● About this task
Give back exactly the lines that run from the beginning of the entries to the line containing "(* With p = n_a", both included, and nothing else.

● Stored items
Lemma gens_comb_neq0 a b c d (al be ga de : R) :
  a != d -> 0 < al -> 0 <= be -> 0 <= ga ->
  ~ (forall m, al * rpair m (gen a) + be * rpair m (gen b) + ga * rpair m (gen c)
               + de * rpair m (gen d) = 0).
Proof.
move=> ad al0 be0 ga0 rel; have [de0|de0] := lerP 0 de.
  have [m0 m0pos] := interior_functional; have := rel m0.
  have := mulr_gt0 al0 (m0pos a); have := mulr_ge0 be0 (ltW (m0pos b)).
  have := mulr_ge0 ga0 (ltW (m0pos c)); have := mulr_ge0 de0 (ltW (m0pos d)).
  lra.
have [m [dual md pos]] := supporting_functional d; have := rel m.
rewrite md mulr0 addr0; have := mulr_gt0 al0 (pos a ad).
have := mulr_ge0 be0 (dual b); have := mulr_ge0 ga0 (dual c).
lra.
Qed.

Lemma gens_indep3_pos a b c (al be ga : R) : a != b -> a != c -> 0 < al ->
  ~ (forall m, al * rpair m (gen a) + be * rpair m (gen b) + ga * rpair m (gen c) = 0).
Proof.
move=> ab ac al0 rel; have [be0|be0] := lerP 0 be.
  by apply: (@gens_comb_neq0 a b a c al be 0 ga ac al0 be0 (lexx 0)) => m; have := rel m; lra.
have [ga0|ga0] := lerP 0 ga.
  by apply: (@gens_comb_neq0 a c a b al ga 0 be ab al0 ga0 (lexx 0)) => m; have := rel m; lra.
have ba : b != a by rewrite eq_sym.
apply: (@gens_comb_neq0 b c b a (- be) (- ga) 0 (- al) ba _ _ (lexx 0)).
- by rewrite oppr_gt0.
- by rewrite oppr_ge0 ltW.
- by move=> m; have := rel m; lra.
Qed.

Lemma gens_indep3 a b c (al be ga : R) : a != b -> a != c ->
  (forall m, al * rpair m (gen a) + be * rpair m (gen b) + ga * rpair m (gen c) = 0) -> al = 0.
Proof.
move=> ab ac rel; case: (ltgtP al 0) => // al0; exfalso.
  apply: (@gens_indep3_pos a b c (- al) (- be) (- ga) ab ac); first by rewrite oppr_gt0.
  by move=> m; have := rel m; lra.
exact: (gens_indep3_pos ab ac al0 rel).
Qed.

Lemma dt_neq0 a b c : a != b -> a != c -> b != c -> dt a b c != 0.
Proof.
(* With p = n_a x n_b, the Plücker relation of n_a, n_b, n_c, p has coefficient
   |p|^2 on n_c, so p = 0 and n_a, n_b are proportional. *)
move=> ab ac bc; apply/eqP => d0; set p := cross (gen a) (gen b).
have ca : c != a by rewrite eq_sym.
have cb : c != b by rewrite eq_sym.
have p0 : p = 0.
  apply: rpair_self_eq0; rewrite {1}/p rpair_cross.
  apply: (@gens_indep3 c a b _ (det3 (gen b) (gen c) p) (- det3 (gen a) (gen c) p) ca cb) => m.
  have := congr1 (rpair m) (det3_plucker (gen a) (gen b) (gen c) p).
  by rewrite !(rpairD, rpairN, rpairZ) rpair0 d0 => <-; ring.
have [m0 m0pos] := interior_functional.
suff : rpair m0 (gen b) = 0 by move/eqP; rewrite gt_eqF.
apply: (@gens_indep3 a b c _ (- rpair m0 (gen a)) 0 ab ac) => m.
have := congr1 (rpair m) (cross_cross m0 (gen a) (gen b)).
by rewrite -/p p0 cross0r !(rpairD, rpairN, rpairZ) rpair0 => h; lra.
Qed.

Lemma rpair_gen3_eq0 m a b c : a != b -> a != c -> b != c ->
  rpair m (gen a) = 0 -> rpair m (gen b) = 0 -> rpair m (gen c) = 0 -> m = 0.
Proof.
move=> ab ac bc ma mb mc; apply/eqP.
have : dt a b c *: m == 0 by rewrite -det3_cramer ma mb mc !scale0r !addr0.
by rewrite scaler_eq0 (negbTE (dt_neq0 ab ac bc)).
Qed.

● Exercise answer
Lemma gens_comb_neq0 a b c d (al be ga de : R) :
  a != d -> 0 < al -> 0 <= be -> 0 <= ga ->
  ~ (forall m, al * rpair m (gen a) + be * rpair m (gen b) + ga * rpair m (gen c)
               + de * rpair m (gen d) = 0).
Proof.
move=> ad al0 be0 ga0 rel; have [de0|de0] := lerP 0 de.
  have [m0 m0pos] := interior_functional; have := rel m0.
  have := mulr_gt0 al0 (m0pos a); have := mulr_ge0 be0 (ltW (m0pos b)).
  have := mulr_ge0 ga0 (ltW (m0pos c)); have := mulr_ge0 de0 (ltW (m0pos d)).
  lra.
have [m [dual md pos]] := supporting_functional d; have := rel m.
rewrite md mulr0 addr0; have := mulr_gt0 al0 (pos a ad).
have := mulr_ge0 be0 (dual b); have := mulr_ge0 ga0 (dual c).
lra.
Qed.

Lemma gens_indep3_pos a b c (al be ga : R) : a != b -> a != c -> 0 < al ->
  ~ (forall m, al * rpair m (gen a) + be * rpair m (gen b) + ga * rpair m (gen c) = 0).
Proof.
move=> ab ac al0 rel; have [be0|be0] := lerP 0 be.
  by apply: (@gens_comb_neq0 a b a c al be 0 ga ac al0 be0 (lexx 0)) => m; have := rel m; lra.
have [ga0|ga0] := lerP 0 ga.
  by apply: (@gens_comb_neq0 a c a b al ga 0 be ab al0 ga0 (lexx 0)) => m; have := rel m; lra.
have ba : b != a by rewrite eq_sym.
apply: (@gens_comb_neq0 b c b a (- be) (- ga) 0 (- al) ba _ _ (lexx 0)).
- by rewrite oppr_gt0.
- by rewrite oppr_ge0 ltW.
- by move=> m; have := rel m; lra.
Qed.

Lemma gens_indep3 a b c (al be ga : R) : a != b -> a != c ->
  (forall m, al * rpair m (gen a) + be * rpair m (gen b) + ga * rpair m (gen c) = 0) -> al = 0.
Proof.
move=> ab ac rel; case: (ltgtP al 0) => // al0; exfalso.
  apply: (@gens_indep3_pos a b c (- al) (- be) (- ga) ab ac); first by rewrite oppr_gt0.
  by move=> m; have := rel m; lra.
exact: (gens_indep3_pos ab ac al0 rel).
Qed.

Lemma dt_neq0 a b c : a != b -> a != c -> b != c -> dt a b c != 0.
Proof.
(* With p = n_a x n_b, the Plücker relation of n_a, n_b, n_c, p has coefficient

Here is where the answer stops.